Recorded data
[Start of Attachment]
(* Let $(X,\mathscr{R})$ be a closed mixed reaction network with $\mathscr{R}=\mathscr{R}_{\mathrm{rev}}\sqcup\mathscr{R}_{\mathrm{irr}}$. Then $(X,\mathscr{R})$ is strictly thermodynamically sound if and only if no futile cycle contains an irreversible reaction. Here a futile cycle $v$ contains an irreversible reaction if $v_r>0$ for some $r\in\mathscr{R}_{\mathrm{irr}}$.
   Context: A reaction network (RN) $(X,\mathscr{R})$ consists of a finite non-empty set $X$ of species and a finite non-empty set $\mathscr{R}$ of reactions. Each reaction $r$ is given by stoichiometric coefficients $s^-_{xr},s^+_{xr}\in\mathbb{N}_0$. The stoichiometric matrix $S\in\mathbb{Z}^{X\times\mathscr{R}}$ has entries $S_{xr}=s^+_{xr}-s^-_{xr}$. A reaction $r$ is proper if there are $x,y$ with $S_{xr}<0<S_{yr}$, and the RN is closed if all reactions are proper. The reverse $\bar r$ of $r$ has $s^-_{x\bar r}=s^+_{xr}$ and $s^+_{x\bar r}=s^-_{xr}$. A mixed RN has $\mathscr{R}=\mathscr{R}_{\mathrm{rev}}\sqcup\mathscr{R}_{\mathrm{irr}}$, where $r\in\mathscr{R}_{\mathrm{rev}}$ implies $\bar r\in\mathscr{R}_{\mathrm{rev}}$, and $r\in\mathscr{R}_{\mathrm{irr}}$ implies $\bar r\notin\mathscr{R}$. For $v\in\mathbb{R}^{\mathscr{R}}$, $v>0$ means $v$ is componentwise non-negative and nonzero. A futile cycle is a vector $v>0$ with $Sv=0$. For $g\in\mathbb{R}^{\mathscr{R}}$ (reaction energies), $(X,\mathscr{R},g)$ is thermodynamic if $g\in(\ker S)^\perp$. The mixed RN is strictly thermodynamically sound if, for every $\gamma>1$, there is $g$ with all of the following: - $(X,\mathscr{R},g)$ is thermodynamic; - $|g_r|\le1$ for all $r\in\mathscr{R}_{\mathrm{rev}}$; - $g_r\le-\gamma$ for all $r\in\mathscr{R}_{\mathrm{irr}}$. *)

From HB Require Import structures.
From mathcomp Require Import all_boot all_order all_algebra.
From mathcomp Require Import reals.
Set Implicit Arguments. Unset Strict Implicit. Unset Printing Implicit Defensive.
Import Order.TTheory GRing.Theory Num.Theory.
Local Open Scope ring_scope.

(* A reaction network: species type X and reaction type Rc (finite types),
   with stoichiometric coefficients sm (reactant, s^-) and sp (product, s^+),
   indexed as sm r x = s^-_{xr}. *)
Section RN.
Variables (R : realType) (X Rc : finType) (sm sp : Rc -> X -> nat).

Definition stoich (x : X) (r : Rc) : R := (sp r x)%:R - (sm r x)%:R.

Definition reactions_distinct : Prop :=
  forall r r' : Rc, (forall x, sm r x = sm r' x) -> (forall x, sp r x = sp r' x) -> r = r'.

Definition proper (r : Rc) : Prop :=
  exists x y, stoich x r < 0 /\ 0 < stoich y r.

Definition closed_RN : Prop := forall r, proper r.

Definition is_reverse (r' r : Rc) : Prop :=
  (forall x, sm r' x = sp r x) /\ (forall x, sp r' x = sm r x).

(* mixed RN: irr is the predicate of irreversible reactions, its complement R_rev *)
Definition mixed_RN (irr : pred Rc) : Prop :=
  (forall r, ~~ irr r -> exists r', ~~ irr r' /\ is_reverse r' r) /\
  (forall r, irr r -> forall r', ~ is_reverse r' r).

Definition S_mul (v : Rc -> R) (x : X) : R := \sum_(r : Rc) stoich x r * v r.

Definition in_kerS (v : Rc -> R) : Prop := forall x, S_mul v x = 0.

(* v > 0 : componentwise nonnegative and nonzero *)
Definition vpos (v : Rc -> R) : Prop := (forall r, 0 <= v r) /\ exists r, v r != 0.

Definition futile_cycle (v : Rc -> R) : Prop := vpos v /\ in_kerS v.

Definition thermodynamic (g : Rc -> R) : Prop :=
  forall v, in_kerS v -> \sum_(r : Rc) g r * v r = 0.

Definition strictly_thermo_sound (irr : pred Rc) : Prop :=
  forall gamma : R, 1 < gamma ->
    exists g : Rc -> R, thermodynamic g /\
      (forall r, ~~ irr r -> `|g r| <= 1) /\
      (forall r, irr r -> g r <= - gamma).

End RN.
Lemma psi_lt_iff s t : psi s < psi t <-> s < t.
Proof.
  split; [|apply psi_lt]. intros Hp. apply Rnot_le_lt. intros [Hts | ->]; [apply psi_lt in Hts|]; lra.
Qed.

Lemma psi_le_iff s t : psi s <= psi t <-> s <= t.
Proof.
  split; intros H; apply Rnot_lt_le; intros H'; [apply psi_lt in H' | rewrite psi_lt_iff in H']; lra.
Qed.

Lemma phi_psi t : phi (psi t) = t.
Proof.
  pose proof ln2_pos. unfold phi, psi, log2, Rpower at 1. rewrite ln_exp.
  replace (- (- Rpower 2 (- t) * ln 2 / ln 2)) with (Rpower 2 (- t)) by (field; lra).
  unfold Rpower. rewrite ln_exp. field; lra.
Qed.

Lemma psi_phi x : open01 x -> psi (phi x) = x.
Proof.
  intros Hx. pose proof ln2_pos. unfold open01, phi, psi, log2 in *.
  assert (Hlnx : ln x < 0) by (rewrite <- ln_1; apply ln_increasing; lra).
  assert (Hpos : 0 < - (ln x / ln 2))
    by (unfold Rdiv; pose proof (Rinv_0_lt_compat _ ln2_pos); nra).
  rewrite Ropp_involutive. unfold Rpower at 2.
  replace (ln (- (ln x / ln 2)) / ln 2 * ln 2) with (ln (- (ln x / ln 2))) by (field; lra).
  rewrite exp_ln by lra. unfold Rpower.
  replace (- - (ln x / ln 2) * ln 2) with (ln x) by (field; lra).
  apply exp_ln; lra.
Qed.

Lemma phi_lt_iff x y : open01 x -> open01 y -> phi x < phi y <-> x < y.
Proof.
  intros Hx Hy. rewrite <- psi_lt_iff, !psi_phi by assumption. reflexivity.
Qed.

Lemma phi_le_iff x y : open01 x -> open01 y -> phi x <= phi y <-> x <= y.
Proof.
  intros Hx Hy. rewrite <- psi_le_iff, !psi_phi by assumption. reflexivity.
Qed.

Lemma psi_min s t : Rmin (psi s) (psi t) = psi (Rmin s t).
Proof.
  destruct (Rle_dec s t) as [Hst | Hts].
  - rewrite !Rmin_left; [reflexivity | assumption | apply psi_le_iff; assumption].
  - rewrite !Rmin_right; [reflexivity | lra | apply psi_le_iff; lra].
Qed.

Lemma u_psi n : u n = psi (- IZR n).
Proof. unfold u, psi. rewrite Ropp_involutive, powerRZ_Rpower by lra. reflexivity. Qed.

Lemma phi_u n : phi (u n) = - IZR n.
Proof. rewrite u_psi. apply phi_psi. Qed.

Lemma u_open01 n : open01 (u n).
Proof. rewrite u_psi. apply psi_open01. Qed.

Lemma fpow_psi n t : fpow n (psi t) = psi (t - IZR n).
Proof.
  unfold fpow. destruct Req_EM_T as [H0 | _].
  - pose proof (psi_open01 t). unfold open01 in *. lra.
  - rewrite powerRZ_Rpower by lra. unfold psi at 1. rewrite Rpower_mult.
    unfold psi. f_equal.
    replace (- (t - IZR n)) with (- t + IZR n) by ring. rewrite Rpower_plus. ring.
Qed.

Lemma fpow_open01 n x : open01 x -> fpow n x = psi (phi x - IZR n).
Proof. intros Hx. rewrite <- fpow_psi, psi_phi by assumption. reflexivity. Qed.

Lemma fpow_0 n : fpow n 0 = 0.
Proof. unfold fpow. destruct Req_EM_T; lra. Qed.

Lemma fpow_1 n : fpow n 1 = 1.
Proof.
  unfold fpow. destruct Req_EM_T; [lra|].
  unfold Rpower. rewrite ln_1, Rmult_0_r. apply exp_0.
Qed.

Lemma u_block_iff n x : open01 x -> (u (n + 1) < x <= u n <-> zceil (phi x) = (- n)%Z).
Proof.
  intros Hx. rewrite <- (psi_phi x) at 1 2 by assumption.
  rewrite !u_psi, psi_lt_iff, psi_le_iff.
  split.
  - intros Hn. apply zceil_unique. rewrite opp_IZR, plus_IZR in *. lra.
  - intros Hn. pose proof (zceil_spec (phi x)) as Hc. rewrite Hn, opp_IZR in Hc.
    rewrite plus_IZR. lra.
Qed.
[End of Attachment]
**Work required**
Exactly the lines from the one containing "Proof. intros Hx." through the final line of the records above are needed, copied word for word.

**Completed task**
Proof. intros Hx. rewrite <- fpow_psi, psi_phi by assumption. reflexivity. Qed.

Lemma fpow_0 n : fpow n 0 = 0.
Proof. unfold fpow. destruct Req_EM_T; lra. Qed.

Lemma fpow_1 n : fpow n 1 = 1.
Proof.
  unfold fpow. destruct Req_EM_T; [lra|].
  unfold Rpower. rewrite ln_1, Rmult_0_r. apply exp_0.
Qed.

Lemma u_block_iff n x : open01 x -> (u (n + 1) < x <= u n <-> zceil (phi x) = (- n)%Z).
Proof.
  intros Hx. rewrite <- (psi_phi x) at 1 2 by assumption.
  rewrite !u_psi, psi_lt_iff, psi_le_iff.
  split.
  - intros Hn. apply zceil_unique. rewrite opp_IZR, plus_IZR in *. lra.
  - intros Hn. pose proof (zceil_spec (phi x)) as Hc. rewrite Hn, opp_IZR in Hc.
    rewrite plus_IZR. lra.
Qed.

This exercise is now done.